The present invention relates to coarse-foamed fracturing fluids and methods of using such fluids in subterranean fracturing operations.
The term “coarse foamed” as used herein refers to the texture of the foam. A coarse foamed fluid has a relatively nonuniform bubble size distribution (e.g., a combination of large and small gas bubbles) whereas a fine texture foam has relatively uniform bubble size distribution and most of the bubbles are relatively small. (See FIG. 1 illustrating a coarse foam and a fine textured foam at nonlimiting examples of certain quality levels.) The term “quality” as used herein refers to a foam quality level above which a pure fine textured foam exists, which will depend, inter alia, on the particular fluid composition and the foaming agent used. On a schematic plot of viscosity versus quality in a foamed fluid, the foam transition point is the point at which the foamed fluid becomes a more coarse textured foamed fluid. The transition point is a level of maximum viscosity, which may be relatively well-defined in some instances.

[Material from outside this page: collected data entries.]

(* Let $A=(a_{ij})_{1\le i,j\le n}$ be a complex Nekrasov matrix. Then there exist real numbers $\epsilon_1,\dots,\epsilon_n$ satisfying $$\epsilon_1>0,\qquad 0<\epsilon_i\le |a_{ii}|-h_i(A)\ \text{ and }\ \epsilon_i>\sum_{j=1}^{i-1}\frac{|a_{ij}|\,\epsilon_j}{|a_{jj}|}\quad\text{for } i=2,\dots,n,$$ and for any such numbers the diagonal matrix $$S=\mathrm{diag}\left(\frac{h_1(A)+\epsilon_1}{|a_{11}|},\dots,\frac{h_n(A)+\epsilon_n}{|a_{nn}|}\right)$$ has positive diagonal entries and $AS$ is strictly diagonally dominant by rows.
   Context: For a complex $n\times n$ matrix $A=(a_{ij})$ with $a_{ii}\ne 0$ for all $i$, define recursively $h_1(A):=\sum_{j\ne 1}|a_{1j}|$ and $h_i(A):=\sum_{j=1}^{i-1}|a_{ij}|\frac{h_j(A)}{|a_{jj}|}+\sum_{j=i+1}^{n}|a_{ij}|$ for $i=2,\dots,n$. $A$ is a Nekrasov matrix if $|a_{ii}|>h_i(A)$ for all $i\in\{1,\dots,n\}$. A matrix $B=(b_{ij})$ is strictly diagonally dominant by rows (SDD) if $|b_{ii}|>\sum_{j\ne i}|b_{ij}|$ for all $i$. *)

From HB Require Import structures.
From mathcomp Require Import all_boot all_order all_algebra.
From mathcomp Require Import complex.
Set Implicit Arguments. Unset Strict Implicit. Unset Printing Implicit Defensive.
Import Order.TTheory GRing.Theory Num.Theory.
Local Open Scope ring_scope.

(* Complex numbers are R[i] for R a real closed field (R = the reals is the
   intended instance).  Indices are 0-based: row i : 'I_n is row i+1 of the paper. *)

Definition cabs (R : rcfType) (z : R[i]) : R := Num.sqrt (@complex.Re R z ^+ 2 + @complex.Im R z ^+ 2).

Definition aent (R : rcfType) (n : nat) (A : 'M[R[i]]_n) (i : nat) (j : 'I_n) : R[i] :=
  if insub i is Some i' then A i' j else 0.

(* given the list s = [h_0; ...; h_{i-1}], the value h_i *)
Definition hnext (R : rcfType) (n : nat) (A : 'M[R[i]]_n) (s : seq R) (i : nat) : R :=
  \sum_(j < n | (j < i)%N) cabs (aent A i j) * s`_j / cabs (A j j)
  + \sum_(j < n | (i < j)%N) cabs (aent A i j).

Fixpoint hs (R : rcfType) (n : nat) (A : 'M[R[i]]_n) (k : nat) : seq R :=
  match k with
  | 0 => [::]
  | k'.+1 => rcons (hs A k') (hnext A (hs A k') k')
  end.

Definition h (R : rcfType) (n : nat) (A : 'M[R[i]]_n) (i : 'I_n) : R := (hs A n)`_i.

Definition nekrasov (R : rcfType) (n : nat) (A : 'M[R[i]]_n) : Prop :=
  (forall i : 'I_n, A i i != 0) /\ (forall i : 'I_n, h A i < cabs (A i i)).

Definition sdd (R : rcfType) (n : nat) (B : 'M[R[i]]_n) : Prop :=
  forall i : 'I_n, \sum_(j < n | j != i) cabs (B i j) < cabs (B i i).

Definition admissible_eps (R : rcfType) (n : nat) (A : 'M[R[i]]_n) (eps : 'I_n -> R) : Prop :=
  forall i : 'I_n, 0 < eps i /\
    ((0 < i)%N ->
       eps i <= cabs (A i i) - h A i /\
       \sum_(j < n | (j < i)%N) cabs (A i j) * eps j / cabs (A j j) < eps i).

Definition sdiag (R : rcfType) (n : nat) (A : 'M[R[i]]_n) (eps : 'I_n -> R) (i : 'I_n) : R :=
  (h A i + eps i) / cabs (A i i).

Definition Smat (R : rcfType) (n : nat) (A : 'M[R[i]]_n) (eps : 'I_n -> R) : 'M[R[i]]_n :=
  diag_mx (\row_i ((sdiag A eps i)%:C)%C).

From mathcomp Require Import all_boot all_order all_algebra.
From mathcomp Require Import complex.
From mathcomp Require Import lra zify.
Import Order.TTheory GRing.Theory Num.Theory.
Local Open Scope ring_scope.

(* Right multiplication by S scales column j by s_j = (h_j + eps_j)/|a_jj|, so
   the diagonal entry of row i of AS has modulus h_i + eps_i.  For j > 0 the
   bound eps_j <= |a_jj| - h_j gives s_j <= 1, so the entries right of the
   diagonal contribute at most sum_{j>i} |a_ij|, while those left of it split
   into sum_{j<i} |a_ij| h_j/|a_jj| and sum_{j<i} |a_ij| eps_j/|a_jj| < eps_i;
   the first two add up to h_i by the recursion.  Admissible eps exist:
   eps_i = (|a_ii| - h_i) t^(n-i) works for small t > 0, since the terms left
   of the diagonal carry at least one extra factor t. *)

Section Modulus.
Variable R : rcfType.

Lemma cabsE (z : R[i]) : cabs z = Normc.normc z.
Proof. by case: z. Qed.

Lemma cabs_ge0 (z : R[i]) : 0 <= cabs z.
Proof. exact: sqrtr_ge0. Qed.

Lemma cabsM (z w : R[i]) : cabs (z * w) = cabs z * cabs w.
Proof. by rewrite !cabsE Normc.normcM. Qed.

Lemma cabs_real (r : R) : 0 <= r -> cabs (r%:C)%C = r.
Proof. by move=> r0; rewrite /cabs /= expr0n /= addr0 sqrtr_sqr ger0_norm. Qed.

End Modulus.

Lemma big_ord_neq_split {V : nmodType} {n : nat} (i : 'I_n) (F : 'I_n -> V) :
  \sum_(j < n | j != i) F j =
  \sum_(j < n | (j < i)%N) F j + \sum_(j < n | (i < j)%N) F j.
Proof.
rewrite (bigID (fun j : 'I_n => (j < i)%N)) /=; congr (_ + _); apply: eq_bigl => j.
  by rewrite andbC; case: ltnP => //= ji; rewrite neq_ltn ji.
by rewrite -leqNgt ltn_neqAle eq_sym.
Qed.

Lemma ler_sum_term {R : numDomainType} {I : finType} (F : I -> R) (i : I) :
  (forall j, 0 <= F j) -> F i <= \sum_j F j.
Proof. by move=> F0; rewrite (bigD1 i) //= lerDl sumr_ge0. Qed.

Section NekrasovSums.
Context {R : rcfType} {n : nat} (A : 'M[R[i]]_n).

Lemma size_hs k : size (hs A k) = k.
Proof. by elim: k => //= k IH; rewrite size_rcons IH. Qed.

Lemma nth_hs_stable {k m j : nat} : (k <= m)%N -> (j < k)%N -> (hs A k)`_j = (hs A m)`_j.
Proof.
move=> km jk; elim: m km => [|m IH]; first by rewrite leqn0 => /eqP ->.
rewrite leq_eqVlt => /orP [/eqP -> //|]; rewrite ltnS => km.
by rewrite /= nth_rcons size_hs (leq_trans jk km) IH.
Qed.

Lemma hs_ge0 k j : 0 <= (hs A k)`_j.
Proof.
elim: k j => [|k IH] j; first by rewrite nth_nil.
rewrite /= nth_rcons size_hs; case: ltnP => _; first exact: IH.
case: eqP => _ //; rewrite /hnext addr_ge0 ?sumr_ge0 // => l _.
  by rewrite divr_ge0 ?mulr_ge0 ?cabs_ge0.
exact: cabs_ge0.
Qed.

Lemma h_ge0 i : 0 <= h A i.
Proof. exact: hs_ge0. Qed.

Lemma hE (i : 'I_n) : h A i =
  \sum_(j < n | (j < i)%N) cabs (A i j) * h A j / cabs (A j j)
  + \sum_(j < n | (i < j)%N) cabs (A i j).
Proof.
have aentE j : aent A i j = A i j by rewrite /aent valK.
rewrite /h -(nth_hs_stable (ltn_ord i) (ltnSn i)) /= nth_rcons size_hs ltnn eqxx.
rewrite /hnext; congr (_ + _); apply: eq_bigr => j ji; rewrite aentE //.
by rewrite (nth_hs_stable (ltnW (ltn_ord i)) ji).
Qed.

End NekrasovSums.

Section NekrasovScaling.
Variables (R : rcfType) (n : nat) (A : 'M[R[i]]_n).
Hypothesis nekA : nekrasov A.

Local Notation gap i := (cabs (A i i) - h A i).

Lemma cabs_diag_gt0 i : 0 < cabs (A i i).
Proof. exact: le_lt_trans (h_ge0 A i) (nekA.2 i). Qed.

Lemma nekrasov_gap_gt0 i : 0 < gap i.
Proof. by rewrite subr_gt0; case: nekA. Qed.

Section AdmissibleScaling.
Variable eps : 'I_n -> R.
Hypothesis epsA : admissible_eps A eps.

Lemma sdiag_gt0 i : 0 < sdiag A eps i.
Proof.
by rewrite divr_gt0 ?cabs_diag_gt0 // ltr_wpDl ?h_ge0 //; case: (epsA i).
Qed.

Lemma sdiag_le1 (j : 'I_n) : (0 < j)%N -> sdiag A eps j <= 1.
Proof.
move=> j0; rewrite ler_pdivrMr ?cabs_diag_gt0 // mul1r -lerBrDl.
by case: (epsA j) => _ /(_ j0) [].
Qed.

Lemma cabs_mulmx_Smat i j :
  cabs ((A *m Smat A eps) i j) = cabs (A i j) * sdiag A eps j.
Proof. by rewrite mul_mx_diag !mxE cabsM cabs_real // ltW ?sdiag_gt0. Qed.

Lemma lower_eps_sum_lt (i : 'I_n) :
  \sum_(j < n | (j < i)%N) cabs (A i j) * eps j / cabs (A j j) < eps i.
Proof.
case: (posnP i) => [i0|]; last by case: (epsA i) => _ /[apply] [[]].
by rewrite big_pred0 => [|j]; [case: (epsA i) | rewrite i0].
Qed.

Lemma sdd_mulmx_Smat : sdd (A *m Smat A eps).
Proof.
move=> i; rewrite !cabs_mulmx_Smat mulrCA mulfV ?mulr1 ?gt_eqF ?cabs_diag_gt0 //.
under eq_bigr do rewrite cabs_mulmx_Smat.
have upper_le : \sum_(j < n | (i < j)%N) cabs (A i j) * sdiag A eps j <=
                \sum_(j < n | (i < j)%N) cabs (A i j).
  apply: ler_sum => j ij; rewrite ler_piMr ?cabs_ge0 ?sdiag_le1 //.
  exact: leq_ltn_trans ij.
have lowerE : \sum_(j < n | (j < i)%N) cabs (A i j) * sdiag A eps j =
    \sum_(j < n | (j < i)%N) cabs (A i j) * h A j / cabs (A j j) +
    \sum_(j < n | (j < i)%N) cabs (A i j) * eps j / cabs (A j j).
  by rewrite -big_split; apply: eq_bigr => j _; rewrite mulrA mulrDr mulrDl.
rewrite big_ord_neq_split lowerE (hE A i).
move: upper_le (lower_eps_sum_lt i); lra.
Qed.

End AdmissibleScaling.

Lemma geometric_eps_admissible (t : R) : 0 < t <= 1 ->
  (forall i : 'I_n, t * \sum_(j < n | (j < i)%N) cabs (A i j) < gap i) ->
  admissible_eps A (fun i => gap i * t ^+ (n - i)).
Proof.
move=> /andP[t0 t1] small i; split; first by rewrite mulr_gt0 ?nekrasov_gap_gt0 ?exprn_gt0.
move=> i0; split.
  by rewrite ler_piMr ?exprn_ile1 ?(ltW (nekrasov_gap_gt0 i)) ?(ltW t0).
have term_le (j : 'I_n) : (j < i)%N -> gap j * t ^+ (n - j) / cabs (A j j) <= t ^+ (n - i).+1.
  move=> ji; rewrite mulrAC; apply: le_trans (_ : t ^+ (n - j) <= _).
    rewrite ler_piMl ?exprn_ge0 ?(ltW t0) // ler_pdivrMr ?cabs_diag_gt0 // mul1r.
    by rewrite gerBl h_ge0.
  by rewrite ler_wiXn2l ?(ltW t0) //; have := ltn_ord i; lia.
apply: le_lt_trans (_ : _ <= \sum_(j < n | (j < i)%N) cabs (A i j) * t ^+ (n - i).+1) _.
  by apply: ler_sum => j ji; rewrite -mulrA ler_wpM2l ?cabs_ge0 ?term_le.
by rewrite -mulr_suml exprS mulrA ltr_pM2r ?exprn_gt0 // mulrC.
Qed.

Lemma exists_admissible_eps : exists eps, admissible_eps A eps.
Proof.
pose row (i : 'I_n) := \sum_(j < n | (j < i)%N) cabs (A i j).
have row_ge0 i : 0 <= row i by rewrite sumr_ge0 // => j _; apply: cabs_ge0.
pose K := \sum_i row i.
have K_ge0 : 0 <= K by rewrite sumr_ge0.
pose m := \big[Order.min/1]_(i < n) gap i.
have m_gt0 : 0 < m by apply/bigmin_gtP; split=> // i _; apply: nekrasov_gap_gt0.
have m_le1 : m <= 1 by apply: bigmin_le_id.
pose t := m / (K + 1).
have t_gt0 : 0 < t by rewrite divr_gt0 // ltr_wpDl.
have tK_lt_m : t * K < m by rewrite mulrAC ltr_pdivrMr ?ltr_wpDl //; nra.
exists (fun i => gap i * t ^+ (n - i)); apply: geometric_eps_admissible.
  by rewrite t_gt0 ler_pdivrMr ?ltr_wpDl //; nra.
move=> i; apply: lt_le_trans (bigmin_le 1 i (fun k => gap k)).
apply: le_lt_trans tK_lt_m.
by rewrite ler_wpM2l ?(ltW t_gt0) // (ler_sum_term row).
Qed.

End NekrasovScaling.

Theorem theorem2p1 (R : rcfType) (n : nat) (A : 'M[R[i]]_n) :
  nekrasov A ->
  (exists eps : 'I_n -> R, admissible_eps A eps) /\
  (forall eps : 'I_n -> R, admissible_eps A eps ->
     (forall i : 'I_n, 0 < sdiag A eps i) /\ sdd (A *m Smat A eps)).
Proof.
move=> nekA; split; first exact: exists_admissible_eps.
by move=> eps epsA; split; [exact: sdiag_gt0 | exact: sdd_mulmx_Smat].
Qed.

The foam transition point for a particular foam may vary as a result of, inter alia, the foam composition (e.g., whether it is an aqueous-based foamed fluid or an oil-based foamed fluid). The particular quality level of the foam at the transition point will similarly vary. The coarse-foamed fracturing fluids of the present invention are foamed fluids that have a quality level at or above the foam transition point for the particular fluid.
Hydraulic fracturing is a process commonly used to increase the flow of desirable fluids from a portion of a subterranean formation. Traditional hydraulic fracturing operations usually comprise the steps of placing a viscous fracturing fluid (often an aqueous gelled fluid) into a portion of a subterranean formation at a rate and pressure such that fractures are created or enhanced in a portion of the subterranean formation. The fractures propagate, e.g., as vertical and/or horizontal cracks radially outward from the well bore. In such treatments, once the hydraulic pressure is released, usually the fractures will not remain fully open. Often, particulate materials, known as proppant, are suspended in the fracturing fluid during at least a portion of the fracturing operation. The particulates are carried into the fractures and deposited therein such that when the hydraulic pressure is released the particulates help prevent the fracture from fully closing, and thus, aid in forming conductive channels through which produced fluids may flow into the well bore. Without the particulate material, the fractures tend to close, thus potentially negating any permeability gained by the fracturing operation. Suitable particulate materials must have sufficient compressive strength to resist crushing, but also should be sufficiently non-abrasive and non-angular to preclude cutting and imbedding into the formation.
Conventional fracturing operations are not universally acceptable treatments for all subterranean formations. One factor that may limit the universal application of a conventional fracturing operation is that they tend to leave behind a residue on the surfaces within the formation and the created fractures. This residue may act as a barrier to desirable fluids that could otherwise travel to the well bore and be produced. One source of such residue is the gelling agent used in the fracturing fluid to create the viscosity necessary to suspend particulates in the fracturing fluid.
One method that has been employed to reduce the load of gelling agent in a fracturing fluid without affecting its ability to suspend proppant particulates has been to foam the fracturing fluid. For example, a gaseous internal phase may be mixed into a liquid fracturing fluid so that the liquid becomes an external phase to the gaseous internal phase. However, as the percentage of gas in the foam increases beyond a specific high quality limit, the ability of the foamed fracturing fluid to carry particulates is thought to decrease. Moreover, it may be difficult to maintain a competent foam with known foaming agents as the percentage of gas in the foam increases. While traditional foamed fracturing operations have a quality of between 50% and 75%, foams having qualities of 70% to 90% have been used in water sensitive formations. Moreover, it has long been believed that in order to successfully carry proppant particulates, a foamed fluid must have a fine, uniform texture rather than a coarse texture.
Another factor that may limit the universal application of a traditional fracturing fluid operation is that some formations are sensitive to the introduction of liquids commonly present in fracturing fluids (be it an aqueous liquid or an oil-based liquid). Thus, alternative operations have been developed wherein a fracturing fluid used is made up entirely of a gas, such as nitrogen or carbon dioxide. Even pure nitrogen treatments have been performed. Such operations eliminate the undesirable liquids, and may be particularly suited for use in shale and coal seam formations. Unfortunately, such 100% gas treatments are not suitable for delivering proppant particulates as part of the treatment.
While these alternative fracturing operations may show a benefit in increased production from a treated well bore, the benefits usually diminish as the fractured formation recovers and the fractures close. Generally, the benefit from such a job can be expected to last no more than 9 months. In order to get a more lasting benefit, it is necessary to have at least a portion of the fracturing fluid comprise a liquid so that the fluid may carry proppant particulates to the fractures. Thus, there is a tension between receiving more lasting benefit by including proppant and reducing the liquid load in the fracturing fluid when conducting fracturing operations in formations that are sensitive to the liquid components in a fracturing fluid.